Journée terminé, crayons abîmés et cerveau fatigué, je peine à me lever. Etant couché sur le gazon devant l'entrée du collège, j'ai encore avec ma musique dans mes écouteurs, le vent me carresse comme un enfant qui cherche de l'attention.
J'essaie d'oublier ma journée qui fut plus pénible que je l'imaginais, fatigante presque ennuyante.
J'avais seulement 3 cours, donc la majeure partie de ma journée fut passée a gribouiller du n'importe quoi dans mon cahier et essayer de mettre des mots dans un poème incomplet.

- Hey c'toi le nouveau? dit une voix masculine que je peine à entendre pas très loin derrière moi.
"On me parle?"
J'enlève mes écouteurs, me retourne et vois une silhouette masculine se diriger amicalement vers moi.
- Nouveau?
On est tous nouveau ici, sauf les finissants, je ne vois pas de quoi il parle.

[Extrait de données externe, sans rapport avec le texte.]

Lemma intcube_0 (k : nat) : intcube k (fun _ => 0) = 0.
Proof.
  induction k as [|k IH]; [reflexivity|].
  rewrite intcube_S; transitivity (Rint (fun _ => 0) 0 1); [|apply Rint_0].
  apply Rint_ext; intros; exact IH.
Qed.

Lemma intcube_nonneg (k : nat) (up : bool) (F : (nat -> R) -> R) :
  cube_monotone up F -> (forall v, in_cube v -> 0 <= F v) -> 0 <= intcube k F.
Proof.
  intros HF HF0; rewrite <- (intcube_0 k); apply (intcube_le k up); auto.
  intros u v _ _ _; lra.
Qed.

Lemma intcube_scal (k : nat) (up : bool) (F : (nat -> R) -> R) (c : R) :
  cube_monotone up F -> intcube k (fun v => c * F v) = c * intcube k F.
Proof.
  revert F; induction k as [|k IH]; intros F HF; [reflexivity|].
  rewrite !intcube_S, <- Rint_scal by (apply (ex_RInt_slice k up); exact HF).
  apply Rint_ext; intros t Ht; rewrite Rmin_left, Rmax_right in Ht by lra.
  apply IH, cube_monotone_upd; auto; lra.
Qed.

(** * Mass of the event that some listed coordinate is below eta *)

Definition below (eta : R) (v : nat -> R) (i : nat) : bool :=
  if Rlt_dec (v i) eta then true else false.

Definition any_below (eta : R) (L : list nat) (v : nat -> R) : R :=
  if existsb (below eta v) L then 1 else 0.

Definition drop_index (k : nat) (L : list nat) : list nat :=
  filter (fun i => negb (Nat.eqb i k)) L.

Lemma drop_index_notin (k : nat) (L : list nat) : ~ In k L -> drop_index k L = L.
Proof.
  induction L as [|i L IH]; simpl; intros H; [reflexivity|].
  destruct (Nat.eqb_spec i k); [tauto | simpl; rewrite IH; tauto].
Qed.

Lemma length_drop_index (k : nat) (L : list nat) : NoDup L -> In k L ->
  length L = S (length (drop_index k L)).
Proof.
  induction L as [|i L IH]; simpl; intros Hnd Hk; [tauto|].
  inversion Hnd; subst.
  destruct (Nat.eqb_spec i k) as [<-|Hne]; simpl.
  - rewrite drop_index_notin; auto.
  - rewrite IH; [reflexivity | auto | destruct Hk; [congruence | auto]].
Qed.

Lemma In_drop_index (k i : nat) (L : list nat) : In i (drop_index k L) -> In i L /\ i <> k.
Proof.
  intros H; apply filter_In in H; destruct H as [HL Hk].
  split; [exact HL | apply Nat.eqb_neq, Bool.negb_true_iff, Hk].
Qed.

Lemma existsb_below_upd (eta t : R) (v : nat -> R) (k : nat) (L : list nat) :
  ~ t < eta -> existsb (below eta (upd v k t)) L = existsb (below eta v) (drop_index k L).
Proof.
  intros Ht; induction L as [|i L IH]; [reflexivity|].
  unfold drop_index in *; cbn [filter existsb].
  destruct (Nat.eqb_spec i k) as [->|Hne]; cbn [negb existsb].
  - replace (below eta (upd v k t) k) with false; [exact IH|].
    unfold below, upd; rewrite Nat.eqb_refl; destruct (Rlt_dec t eta); tauto.
  - replace (below eta (upd v k t) i) with (below eta v i); [rewrite IH; reflexivity|].
    unfold below, upd; apply Nat.eqb_neq in Hne; rewrite Hne; reflexivity.
Qed.

Lemma any_below_upd_notin (eta t : R) (v : nat -> R) (k : nat) (L : list nat) :
  ~ In k L -> any_below eta L (upd v k t) = any_below eta L v.
Proof.
  intros Hk; unfold any_below.
  replace (existsb (below eta (upd v k t)) L) with (existsb (below eta v) L); [reflexivity|].
  induction L as [|i L IH]; [reflexivity|]; cbn [existsb]; simpl in Hk.
  rewrite IH by tauto; f_equal; unfold below, upd.
  destruct (Nat.eqb_spec i k); [tauto | reflexivity].
Qed.

Lemma any_below_upd_lt (eta t : R) (v : nat -> R) (k : nat) (L : list nat) :
  In k L -> t < eta -> any_below eta L (upd v k t) = 1.
Proof.
  intros Hk Ht; unfold any_below.
  replace (existsb _ L) with true; [reflexivity|]; symmetry.
  apply existsb_exists; exists k; split; [exact Hk|].
  unfold below, upd; rewrite Nat.eqb_refl; destruct (Rlt_dec t eta); tauto.
Qed.

Lemma any_below_upd_ge (eta t : R) (v : nat -> R) (k : nat) (L : list nat) :
  ~ t < eta -> any_below eta L (upd v k t) = any_below eta (drop_index k L) v.
Proof. intros Ht; unfold any_below; rewrite existsb_below_upd; auto. Qed.

Lemma any_below_nonincreasing (eta : R) (L : list nat) (u v : nat -> R) :
  (forall i, v i <= u i) -> any_below eta L u <= any_below eta L v.
Proof.
  intros Huv; unfold any_below.
  destruct (existsb (below eta u) L) eqn:Eu; [|destruct (existsb (below eta v) L); lra].
  replace (existsb (below eta v) L) with true; [lra|]; symmetry.
  apply existsb_exists in Eu; destruct Eu as [i [Hi Hui]].
  apply existsb_exists; exists i; split; [exact Hi|].
  unfold below in *; specialize (Huv i).
  destruct (Rlt_dec (u i) eta); [|discriminate].
  destruct (Rlt_dec (v i) eta); [reflexivity | lra].
Qed.

Lemma cube_monotone_any_below (eta : R) (L : list nat) (F : (nat -> R) -> R) :
  cube_monotone false F -> (forall v, in_cube v -> 0 <= F v) ->
  cube_monotone false (fun v => any_below eta L v * F v).
Proof.
  intros HF HF0 u v Hu Hv Huv.
  assert (Hbelow : any_below eta L u <= any_below eta L v)
    by (apply any_below_nonincreasing; exact Huv).
  assert (0 <= any_below eta L u) by (unfold any_below; destruct existsb; lra).
  assert (any_below eta L v <= 1) by (unfold any_below; destruct existsb; lra).
  pose proof (HF u v Hu Hv Huv); pose proof (HF0 u Hu); pose proof (HF0 v Hv).
  apply Rle_trans with (any_below eta L v * F u);
    [apply Rmult_le_compat_r | apply Rmult_le_compat_l]; lra.
Qed.

Lemma intcube_any_below (eta : R) (k : nat) (L : list nat) (F : (nat -> R) -> R) :
  0 < eta < 1 -> cube_monotone false F -> (forall v, in_cube v -> 0 <= F v) ->
  NoDup L -> (forall i, In i L -> (1 <= i <= k)%nat) ->
  (1 - (1 - eta) ^ length L) * intcube k F
  <= intcube k (fun v => any_below eta L v * F v).
Proof.
  intros Heta; revert L F; induction k as [|k IH]; intros L F HF HF0 HL Hrange.
  - destruct L as [|i L]; [simpl; unfold any_below; simpl; lra|].
    specialize (Hrange i (or_introl eq_refl)); lia.
  - assert (HFt : forall t, 0 <= t <= 1 -> cube_monotone false (fun v => F (upd v (S k) t)))
      by (intros; apply cube_monotone_upd; auto).
    assert (HFt0 : forall t, 0 <= t <= 1 -> forall v, in_cube v -> 0 <= F (upd v (S k) t))
      by (intros; apply HF0, in_cube_upd; auto).
    assert (HFA : cube_monotone false (fun v => any_below eta L v * F v))
      by (apply cube_monotone_any_below; auto).
    rewrite !intcube_S.
    (* Below eta a listed top coordinate realises the event by itself; above
       eta the event is that of the remaining listed coordinates. *)
    destruct (in_dec Nat.eq_dec (S k) L) as [Hin|Hout].
    + rewrite (length_drop_index (S k) L) by auto; simpl pow.
      apply Rint_threshold_lower_bound; [lra | apply pow_le; lra | | | |].
      * intros s t Hs Hst Ht; apply (slice_monotone k false F); auto.
      * apply (ex_RInt_slice k false); exact HFA.
      * intros t Ht; apply Req_le, intcube_ext; intros v Hv.
        rewrite any_below_upd_lt by (auto; lra); ring.
      * intros t Ht; unfold slice.
        rewrite (intcube_ext k (fun v => any_below eta L (upd v (S k) t) * F (upd v (S k) t))
                   (fun v => any_below eta (drop_index (S k) L) v * F (upd v (S k) t)))
          by (intros; rewrite any_below_upd_ge by lra; reflexivity).
        apply IH; [apply HFt; lra | apply HFt0; lra | apply NoDup_filter, HL |].
        intros i Hi; apply In_drop_index in Hi; destruct Hi as [Hi Hne].
        specialize (Hrange i Hi); lia.
    + rewrite <- Rint_scal by (apply (ex_RInt_slice k false); exact HF).
      apply Rint_le; [lra | apply (ex_RInt_scal (slice k F)), (ex_RInt_slice k false); exact HF
                     | apply (ex_RInt_slice k false); exact HFA |].
      intros t Ht; unfold slice.
      rewrite (intcube_ext k (fun v => any_below eta L (upd v (S k) t) * F (upd v (S k) t))
                 (fun v => any_below eta L v * F (upd v (S k) t)))
        by (intros; rewrite any_below_upd_notin; auto).
      apply IH; [apply HFt; lra | apply HFt0; lra | exact HL |].
      intros i Hi; specialize (Hrange i Hi); assert (i <> S k) by (intros ->; tauto); lia.
Qed.
Lemma psi2_norm_identity m n (a b : 'rV[R]_n.+1) (c d : 'rV[R]_n)
    (f g : 'rV[R]_m.+1) (h e : 'rV[R]_m) :
  let a' := slash0 a in let b' := slash0 b in
  let c' := zslash c in let d' := zslash d in
  let f' := slash0 f in let g' := slash0 g in
  let h' := zslash h in let e' := zslash e in
  let vs l (v : 'rV[R]_l) := vstar star v in
  let Q := (vs _ f')^T *m a' + g'^T *m c' - e'^T *m vs _ b' + h'^T *m d' in
  let R' := (vs _ f')^T *m b' + (vs _ g')^T *m d' + e'^T *m vs _ a'
            - (vs _ h')^T *m c' in
  let S := (vs _ g')^T *m a' - f'^T *m c' - h'^T *m b' - e'^T *m vs _ d' in
  let T' := g'^T *m b' - f'^T *m d' + (vs _ h')^T *m a' + e'^T *m vs _ c' in
  laur2_eq
    (add2 (add2 (add2 (nrm2 star Q) (nrm2 star R')) (nrm2 star S)) (nrm2 star T'))
    (mul2 (at_x2 (add1 (add1 (add1 (nrm1 star a) (nrm1 star b)) (nrm1 star c)) (nrm1 star d)))
          (at_y2 (add1 (add1 (add1 (nrm1 star e) (nrm1 star f)) (nrm1 star g)) (nrm1 star h)))).
Proof.
rewrite /= /nrm2 at_x2E at_y2E !subst2_cat !subst2_nrm1.
rewrite !psi2_add !psi2_opp !psi2_outer !subst2_psi1_vstar.
rewrite !subst2_psi1_slash0 !subst2_psi1_zslash !mulr0 !mulr1.
exact: laur_norm_four_square.
Qed.

End LaurentRing.

Section ParitySupport.
Variable R : comNzRingType.
Variable T : pred R.
Hypothesis T_mul : forall s t, s \in T -> t \in T -> s * t \in T.

Definition parity_support (p : bool) l (v : 'rV[R]_l) : Prop :=
  forall k : 'I_l, if odd k == p then (v 0 k \in T : Prop) else v 0 k = 0.

Definition mx_parity_support (p q : bool) r s (M : 'M[R]_(r, s)) : Prop :=
  forall (i : 'I_r) (j : 'I_s),
    if (odd i == p) && (odd j == q) then (M i j \in T : Prop) else M i j = 0.

Lemma slash0_support l (a : 'rV[R]_l.+1) :
  (forall i, a 0 i \in T) -> parity_support false (slash0 a).
Proof.
move=> Ta k; rewrite mxE -big_mkcond; have k_lt := ltn_ord k.
case: ifP => [/eqP k_even | k_odd]; last first.
  by rewrite big_pred0 // => j; apply/eqP => k_eq; rewrite k_eq odd_double in k_odd.
have j_lt : (k./2 < l.+1)%N by lia.
rewrite (big_pred1 (Ordinal j_lt)) // => j.
by apply/eqP/eqP => [k_eq | ->]; first apply: val_inj; rewrite /=; lia.
Qed.

Lemma zslash_support l (a : 'rV[R]_l) :
  (forall i, a 0 i \in T) -> parity_support true (zslash a).
Proof.
move=> Ta k; rewrite mxE -big_mkcond; have k_lt := ltn_ord k.
case: ifP => [/eqP k_odd | k_even]; last first.
  by rewrite big_pred0 // => j; apply/eqP => k_eq; rewrite k_eq /= odd_double in k_even.
have j_lt : (k./2 < l)%N by lia.
rewrite (big_pred1 (Ordinal j_lt)) // => j.
by apply/eqP/eqP => [k_eq | ->]; first apply: val_inj; rewrite /=; lia.
Qed.

(* Reversal preserves parities because the length [l.*2.+1] is odd. *)
Lemma vstar_support (star : {rmorphism R -> R}) (p : bool) l (v : 'rV[R]_l.*2.+1) :
  {homo star : t / t \in T} -> parity_support p v -> parity_support p (vstar star v).
Proof.
move=> T_star Tv k; rewrite mxE; move: (Tv (rev_ord k)) => /=.
have k_lt := ltn_ord k; rewrite subSS oddB ?odd_double //=.
by case: (odd k == p) => [/T_star | ->]; rewrite ?rmorph0.
Qed.

Lemma outer_support (p q : bool) r s (u : 'rV[R]_r) (v : 'rV[R]_s) :
  parity_support p u -> parity_support q v -> mx_parity_support p q (u^T *m v).
Proof.
move=> Tu Tv i j; rewrite !mxE big_ord1 !mxE.
move: (Tu i) (Tv j); case: (odd i == p); case: (odd j == q) => /= Tui Tvj;
  by rewrite ?Tui ?Tvj ?mulr0 ?mul0r ?T_mul.
Qed.

Hypothesis T_m1 : -1 \in T.

Lemma mx_support_opp (p q : bool) r s (M : 'M[R]_(r, s)) :
  mx_parity_support p q M -> mx_parity_support p q (- M).
Proof.
move=> TM i j; rewrite mxE; move: (TM i j).
by case: ifP => _ TMij; rewrite ?TMij ?oppr0 // -mulN1r T_mul.
Qed.

Lemma mx_support_sum4 r s (M1 M2 M3 M4 : 'M[R]_(r, s)) :
  mx_parity_support false false M1 -> mx_parity_support false true M2 ->
  mx_parity_support true false M3 -> mx_parity_support true true M4 ->
  forall i j, (M1 + M2 + M3 + M4) i j \in T.
Proof.
move=> T1 T2 T3 T4 i j; rewrite !mxE.
move: (T1 i j) (T2 i j) (T3 i j) (T4 i j).
by case: (odd i); case: (odd j) => /= t1 t2 t3 t4; rewrite ?t1 ?t2 ?t3 ?t4 ?addr0 ?add0r.
Qed.
End ParitySupport.

Theorem lemma3p2 (R : comNzRingType) (star : {rmorphism R -> R})
  (star_invol : involutive star)
  (T : pred R)
  (T_nz : forall t, t \in T -> t != 0)
  (T_mul : forall s t, s \in T -> t \in T -> s * t \in T)
  (T_m1 : -1 \in T)
  (T_star : forall t, (t \in T) <-> exists2 u, u \in T & t = star u)
  (m n : nat) (m_gt0 : (0 < m)%N) (n_gt0 : (0 < n)%N)
  (a b : 'rV[R]_n.+1) (c d : 'rV[R]_n) (f g : 'rV[R]_m.+1) (h e : 'rV[R]_m)
  (Ha : forall i, a 0 i \in T) (Hb : forall i, b 0 i \in T)
  (Hc : forall i, c 0 i \in T) (Hd : forall i, d 0 i \in T)
  (Hf : forall i, f 0 i \in T) (Hg : forall i, g 0 i \in T)
  (Hh : forall i, h 0 i \in T) (He : forall i, e 0 i \in T) :
  let a' := slash0 a in let b' := slash0 b in
  let c' := zslash c in let d' := zslash d in
  let f' := slash0 f in let g' := slash0 g in
  let h' := zslash h in let e' := zslash e in
  let vs l (v : 'rV[R]_l) := vstar star v in
  let Q := (vs _ f')^T *m a' + g'^T *m c' - e'^T *m vs _ b' + h'^T *m d' in
  let R' := (vs _ f')^T *m b' + (vs _ g')^T *m d' + e'^T *m vs _ a'
            - (vs _ h')^T *m c' in
  let S := (vs _ g')^T *m a' - f'^T *m c' - h'^T *m b' - e'^T *m vs _ d' in
  let T' := g'^T *m b' - f'^T *m d' + (vs _ h')^T *m a' + e'^T *m vs _ c' in
  [/\ forall i j, Q i j \in T, forall i j, R' i j \in T,
      forall i j, S i j \in T, forall i j, T' i j \in T &
      laur2_eq
        (add2 (add2 (add2 (nrm2 star Q) (nrm2 star R')) (nrm2 star S)) (nrm2 star T'))
        (mul2 (at_x2 (add1 (add1 (add1 (nrm1 star a) (nrm1 star b)) (nrm1 star c)) (nrm1 star d)))
              (at_y2 (add1 (add1 (add1 (nrm1 star e) (nrm1 star f)) (nrm1 star g)) (nrm1 star h))))].
Proof.
have T_star_closed : {homo star : t / t \in T} by move=> t Tt; apply/T_star; exists t.
have support_opp := mx_support_opp T_mul T_m1.
have support_outer := outer_support T_mul.
cbv zeta; split; last exact: psi2_norm_identity.
all: apply: mx_support_sum4; try apply: support_opp; apply: support_outer;
  do ?apply: vstar_support => //; by [apply: slash0_support | apply: zslash_support].
Qed.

- Bah t'as l'air de connaître personne donc j'assume que t'es nouveau, dit-il avec un sourire au coin.
- J'suis pas d'ici,  dis-je sèchement.
- T'es d'où?
- Rigaud.
Il rit.
- T'es dans ma classe de psycho et socio pis j'avais remarqué que dans ces 2 cours là t'étais assis complètement en arrière pis tu parlais à personne faque j'me suis dit pourquoi pas venir te parler."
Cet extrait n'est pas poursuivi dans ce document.